I know no way to get the median from a pure STL map quickly for big maps. If your map is small or you need the median rarely you should use the linear advance to n/2 anyway I think - for the sake of simplicity and being standard.
You can use the map to build a new container that offers median: Jethro suggested using two maps, based on this perhaps better would be a single map and a continuously updated median iterator. These methods suffer from the drawback that you have to reimplement every modifiying operation and in jethro's case even the reading operations.
A custom written container will also do what you what, probably most efficiently but for the price of custom code. You could try, as was suggested to modify an existing stl map implementation. You can also look for existing implementations.
There is a super efficient C implementation that offers most map functionality and also random access called Judy Arrays. These work for integer, string and byte array keys.
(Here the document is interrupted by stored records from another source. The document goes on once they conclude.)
(* Let $P=2$ and let $X=WH$ with $W=(w_{mp})\in\mathbb{H}_{\mathcal S}^{M\times 2}$ and $H=(h_{pn})\in\mathbb{R}_+^{2\times N}$. Suppose: (C1) there exist $m_1,m_2\in\{1,\dots,M\}$ (not necessarily distinct) such that $I_{m_1 1},I_{m_1 2},I_{m_2 1},I_{m_2 2}>0$ and $$\Phi_{m_1 1}=1,\quad \Phi_{m_1 2}\boldsymbol\mu_{m_1 2}\neq\boldsymbol\mu_{m_1 1},\quad I_{m_1 1}\ge \frac12\,\frac{1-\Phi_{m_1 2}^2}{1-\Phi_{m_1 2}\langle\boldsymbol\mu_{m_1 1},\boldsymbol\mu_{m_1 2}\rangle}\,I_{m_1 2},$$ $$\Phi_{m_2 2}=1,\quad \Phi_{m_2 1}\boldsymbol\mu_{m_2 1}\neq\boldsymbol\mu_{m_2 2},\quad I_{m_2 2}\ge \frac12\,\frac{1-\Phi_{m_2 1}^2}{1-\Phi_{m_2 1}\langle\boldsymbol\mu_{m_2 2},\boldsymbol\mu_{m_2 1}\rangle}\,I_{m_2 1};$$ (C2) there exist $n_1\neq n_2$ in $\{1,\dots,N\}$ with $h_{1n_1}>0$, $h_{2n_1}=0$, $h_{2n_2}>0$, $h_{1n_2}=0$. Then the QNMF $X=WH$ is essentially unique.
   Context: $\mathbb{H}$ denotes the quaternions; for $q=a+b\mathbf i+c\mathbf j+d\mathbf k$, $\mathrm{Re}\,q=a$, $\mathrm{Im}\,q=b\mathbf i+c\mathbf j+d\mathbf k$, $|\mathrm{Im}\,q|^2=b^2+c^2+d^2$. $\mathbb{H}_{\mathcal S}=\{q\in\mathbb{H}: \mathrm{Re}\,q\ge 0,\ |\mathrm{Im}\,q|^2\le(\mathrm{Re}\,q)^2\}$; $\mathbb{R}_+=[0,\infty)$. Polar parametrization: every $w\in\mathbb{H}_{\mathcal S}$ with $\mathrm{Re}\,w>0$ is written $w=I+I\Phi\boldsymbol\mu$ with intensity $I=\mathrm{Re}\,w>0$, degree of polarization $\Phi=|\mathrm{Im}\,w|/\mathrm{Re}\,w\in[0,1]$, and polarization axis $\boldsymbol\mu$ a pure unit quaternion ($\mathrm{Re}\,\boldsymbol\mu=0$, $|\boldsymbol\mu|=1$), with $\boldsymbol\mu=\mathrm{Im}\,w/|\mathrm{Im}\,w|$ when $\mathrm{Im}\,w\ne0$ (arbitrary otherwise). For the entries of $W$ we write $w_{mp}=I_{mp}+I_{mp}\Phi_{mp}\boldsymbol\mu_{mp}$. For pure quaternions, $\langle\boldsymbol\mu_1,\boldsymbol\mu_2\rangle=-\mathrm{Re}(\boldsymbol\mu_1\boldsymbol\mu_2)$, the Euclidean inner product in $\mathbb{R}^3$. The QNMF $X=WH$ is essentially unique if for every $\tilde W\in\mathbb{H}_{\mathcal S}^{M\times P}$, $\tilde H\in\mathbb{R}_+^{P\times N}$ with $X=\tilde W\tilde H$ there exist a diagonal matrix $D$ with strictly positive diagonal entries and a permutation matrix $\Pi$ such that $\tilde W=WD\Pi$ and $\tilde H=(D\Pi)^{-1}H$. *)

From Stdlib Require Import Reals Lra.
Open Scope R_scope.

Record quat := mkQ { qre : R; qi : R; qj : R; qk : R }.

Definition qadd (p q : quat) : quat :=
  mkQ (qre p + qre q) (qi p + qi q) (qj p + qj q) (qk p + qk q).
Definition qscale (r : R) (q : quat) : quat :=
  mkQ (r * qre q) (r * qi q) (r * qj q) (r * qk q).
Definition qzero : quat := mkQ 0 0 0 0.

Definition Re (q : quat) : R := qre q.
Definition Im (q : quat) : quat := mkQ 0 (qi q) (qj q) (qk q).
Definition ImNorm2 (q : quat) : R := qi q ^ 2 + qj q ^ 2 + qk q ^ 2.
Definition ImNorm (q : quat) : R := sqrt (ImNorm2 q).

Definition in_HS (q : quat) : Prop := 0 <= Re q /\ ImNorm2 q <= Re q ^ 2.

Definition pure_unit (mu : quat) : Prop :=
  qre mu = 0 /\ qi mu ^ 2 + qj mu ^ 2 + qk mu ^ 2 = 1.

(* <mu1, mu2> = - Re (mu1 mu2) for pure quaternions: Euclidean inner product *)
Definition inner (mu1 mu2 : quat) : R :=
  qi mu1 * qi mu2 + qj mu1 * qj mu2 + qk mu1 * qk mu2.

Definition Intens (w : quat) : R := Re w.
Definition Phi (w : quat) : R := ImNorm w / Re w.

(* mu is a valid polarization axis for w (Re w > 0):
   a pure unit quaternion with w = I + I Phi mu, i.e. Im w = I Phi mu
   (hence mu = Im w/|Im w| when Im w <> 0, arbitrary otherwise). *)
Definition polar_axis (w mu : quat) : Prop :=
  pure_unit mu /\ Im w = qscale (Intens w * Phi w) mu.

(* Matrices are functions of 0-based indices; only entries with indices
   below the dimensions are meaningful. *)
Fixpoint qmatmul (P : nat) (W : nat -> nat -> quat) (H : nat -> nat -> R)
  (m n : nat) : quat :=
  match P with
  | O => qzero
  | S P' => qadd (qmatmul P' W H m n) (qscale (H P' n) (W m P'))
  end.

Definition W_in_HS (M P : nat) (W : nat -> nat -> quat) : Prop :=
  forall m p, (m < M)%nat -> (p < P)%nat -> in_HS (W m p).

Definition H_nonneg (P N : nat) (H : nat -> nat -> R) : Prop :=
  forall p n, (p < P)%nat -> (n < N)%nat -> 0 <= H p n.

Definition is_perm (P : nat) (sigma : nat -> nat) : Prop :=
  (forall p, (p < P)%nat -> (sigma p < P)%nat) /\
  (forall p q, (p < P)%nat -> (q < P)%nat -> sigma p = sigma q -> p = q).

(* With D = diag(d) (d_p > 0) and
   the permutation matrix Pi with Pi_{pq} = [p = sigma q]:
     (W D Pi)_{mq} = d_{sigma q} w_{m, sigma q},
     ((D Pi)^{-1} H)_{qn} = h_{sigma q, n} / d_{sigma q}. *)
Definition essentially_unique (M P N : nat) (W : nat -> nat -> quat)
  (H : nat -> nat -> R) : Prop :=
  forall (W' : nat -> nat -> quat) (H' : nat -> nat -> R),
    W_in_HS M P W' -> H_nonneg P N H' ->
    (forall m n, (m < M)%nat -> (n < N)%nat ->
       qmatmul P W H m n = qmatmul P W' H' m n) ->
    exists (d : nat -> R) (sigma : nat -> nat),
      (forall p, (p < P)%nat -> 0 < d p) /\ is_perm P sigma /\
      (forall m q, (m < M)%nat -> (q < P)%nat ->
         W' m q = qscale (d (sigma q)) (W m (sigma q))) /\
      (forall q n, (q < P)%nat -> (n < N)%nat ->
         H' q n = H (sigma q) n / d (sigma q)).

From Stdlib Require Import Reals Lra Psatz Lia.
Open Scope R_scope.

(* Geometry of the cone H_S: for a pure unit axis mu, the linear functional
   ray_defect mu a = Re a - <Im a, mu> is nonnegative on H_S and vanishes exactly
   on the ray {t (1 + mu)}.  Hence a fully polarized quaternion spans an extreme
   ray of H_S: in any nonnegative decomposition h e = u a + v b inside H_S, every
   summand with a positive weight lies on the ray of e.  Moreover a fully
   polarized e and a g with a different polarization vector are linearly
   independent over R.

   For another factorization X = W' H', column n1 of X is a multiple of W(:,0).
   Extremality at row m1 (where W(m1,0) is fully polarized) together with the
   independence of W(m1,0), W(m1,1) forces one column of W' to be a positive
   multiple of W(:,0) (lemma column_match); symmetrically, using n2 and row m2,
   one column of W' is a positive multiple of W(:,1).  These columns differ, so
   W' = W D Pi, and the independence at row m1 then determines H'. *)

Lemma quat_ext p q :
  qre p = qre q -> qi p = qi q -> qj p = qj q -> qk p = qk q -> p = q.
Proof. destruct p, q; simpl; intros; subst; reflexivity. Qed.

Definition ray_defect (mu a : quat) : R := Re a - inner a mu.
Definition on_ray (mu a : quat) : Prop := Im a = qscale (Re a) mu.

(* On H_S the defect is nonnegative: by Cauchy-Schwarz, <Im a, mu> <= |Im a| <= Re a. *)
Lemma ray_defect_nonneg mu a : pure_unit mu -> in_HS a -> 0 <= ray_defect mu a.
Proof.
  destruct mu as [m0 m1 m2 m3], a as [a0 a1 a2 a3].
  unfold pure_unit, in_HS, ray_defect, inner, Re, ImNorm2; cbn [qre qi qj qk].
  intros [_ Hmu] [Ha0 Ha].
  assert (CS : (a1*m1 + a2*m2 + a3*m3)^2 <= (a1^2 + a2^2 + a3^2) * (m1^2 + m2^2 + m3^2)).
  { assert (Lagrange : (a1^2 + a2^2 + a3^2) * (m1^2 + m2^2 + m3^2) - (a1*m1 + a2*m2 + a3*m3)^2
      = (a1*m2 - a2*m1)^2 + (a1*m3 - a3*m1)^2 + (a2*m3 - a3*m2)^2) by ring.
    pose proof (pow2_ge_0 (a1*m2 - a2*m1)); pose proof (pow2_ge_0 (a1*m3 - a3*m1));
    pose proof (pow2_ge_0 (a2*m3 - a3*m2)); lra. }
  rewrite Hmu, Rmult_1_r in CS. nra.
Qed.

Lemma sum_sq_zero x y z : x^2 + y^2 + z^2 <= 0 -> x = 0 /\ y = 0 /\ z = 0.
Proof. intro. repeat split; nra. Qed.

(* Equality case: zero defect on H_S forces Im a = Re a mu, since
   |Im a - Re a mu|^2 = |Im a|^2 - (Re a)^2 <= 0 when <Im a, mu> = Re a. *)
Lemma ray_defect_zero mu a :
  pure_unit mu -> in_HS a -> ray_defect mu a = 0 -> on_ray mu a.
Proof.
  destruct mu as [m0 m1 m2 m3], a as [a0 a1 a2 a3].
  unfold pure_unit, in_HS, ray_defect, on_ray, inner, Re, Im, ImNorm2, qscale; cbn [qre qi qj qk].
  intros [-> Hmu] [Ha0 Ha] Hd.
  assert (Dist : (a1 - a0*m1)^2 + (a2 - a0*m2)^2 + (a3 - a0*m3)^2
      = (a1^2 + a2^2 + a3^2) - 2*a0*(a1*m1 + a2*m2 + a3*m3) + a0^2*(m1^2 + m2^2 + m3^2)) by ring.
  assert (Hs : a1*m1 + a2*m2 + a3*m3 = a0) by lra.
  rewrite Hs, Hmu in Dist.
  destruct (sum_sq_zero (a1 - a0*m1) (a2 - a0*m2) (a3 - a0*m3)) as (E1 & E2 & E3); [nra|].
  apply quat_ext; simpl; lra.
Qed.

Lemma ray_defect_combination mu x a y b :
  ray_defect mu (qadd (qscale x a) (qscale y b)) = x * ray_defect mu a + y * ray_defect mu b.
Proof. unfold ray_defect, inner, Re; simpl; ring. Qed.

Lemma ray_defect_scale mu h e : ray_defect mu (qscale h e) = h * ray_defect mu e.
Proof. unfold ray_defect, inner, Re; simpl; ring. Qed.
Lemma nf_eval_grouped L (s : seq (Zd d)) p c : uniq s -> {subset map fst L <= s} ->
  nf_eval L p c = \sum_(b <- s) homop b (nf_coef L b) p c.
Proof.
move=> us; elim: L => [|y L ih] sub.
  by rewrite /nf_eval big_nil big1 // => b _; rewrite homop_nf_coef big_nil.
under eq_bigr do rewrite homop_nf_coef big_mkcond big_cons -big_mkcond -homop_nf_coef.
rewrite big_split -big_mkcond sum_eq_pred1 ?sub ?mem_head //= -ih.
  by rewrite /nf_eval big_cons.
by move=> b bL; apply: sub; rewrite inE bL orbT.
Qed.

Lemma nf_coef_notin L b : b \notin map fst L -> nf_coef L b = fun=> 0.
Proof.
elim: L => [_|y L ih] /=; first by apply: funext => z; rewrite /nf_coef big_nil.
rewrite inE negb_or eq_sym => /andP[/negbTE yb /ih {}ih]; apply: funext => z.
by rewrite /nf_coef big_cons yb -/(nf_coef L b z) ih.
Qed.

Lemma WeylOp_homogeneous_decomposition P : WeylOp P ->
  exists (s : seq (Zd d)) (g : Zd d -> Zd d -> C),
    [/\ uniq s, forall b, polyfun (g b), forall b, b \notin s -> g b = (fun=> 0)
      & forall p c, P p c = \sum_(b <- s) homop b (g b) p c].
Proof.
case/WeylOp_normal_form=> L PL; exists (undup (map fst L)), (nf_coef L); split.
- exact: undup_uniq.
- exact: polyfun_nf_coef.
- by move=> b; rewrite mem_undup; apply: nf_coef_notin.
- move=> p c; rewrite PL; apply: nf_eval_grouped; first exact: undup_uniq.
  by move=> b; rewrite mem_undup.
Qed.

End NormalForm.

Section DifferentialOperators.
Variables (d : nat) (A : seq (Zd d)).
Implicit Types (p q : F d) (b c e : Zd d) (g : Zd d -> C) (P Q : F d -> F d).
Since it sounds like insert and find are your two common operations while median is rare, the simplest approach is to use the map and std::advance( m.begin(), m.size()/2 ); as originally suggested by David RodrÃguez. This is linear time, but easy to understand so I'd only consider another approach if profiling shows that the median calls are too expensive relative to the work your app is doing.
The nth_element() method is there for you for this :) It implements the partition part of the quick sort and you don't need your vector (or array) to be sorted.
And also the time complexity is O(n) (while for sorting you need to pay O(nlogn)).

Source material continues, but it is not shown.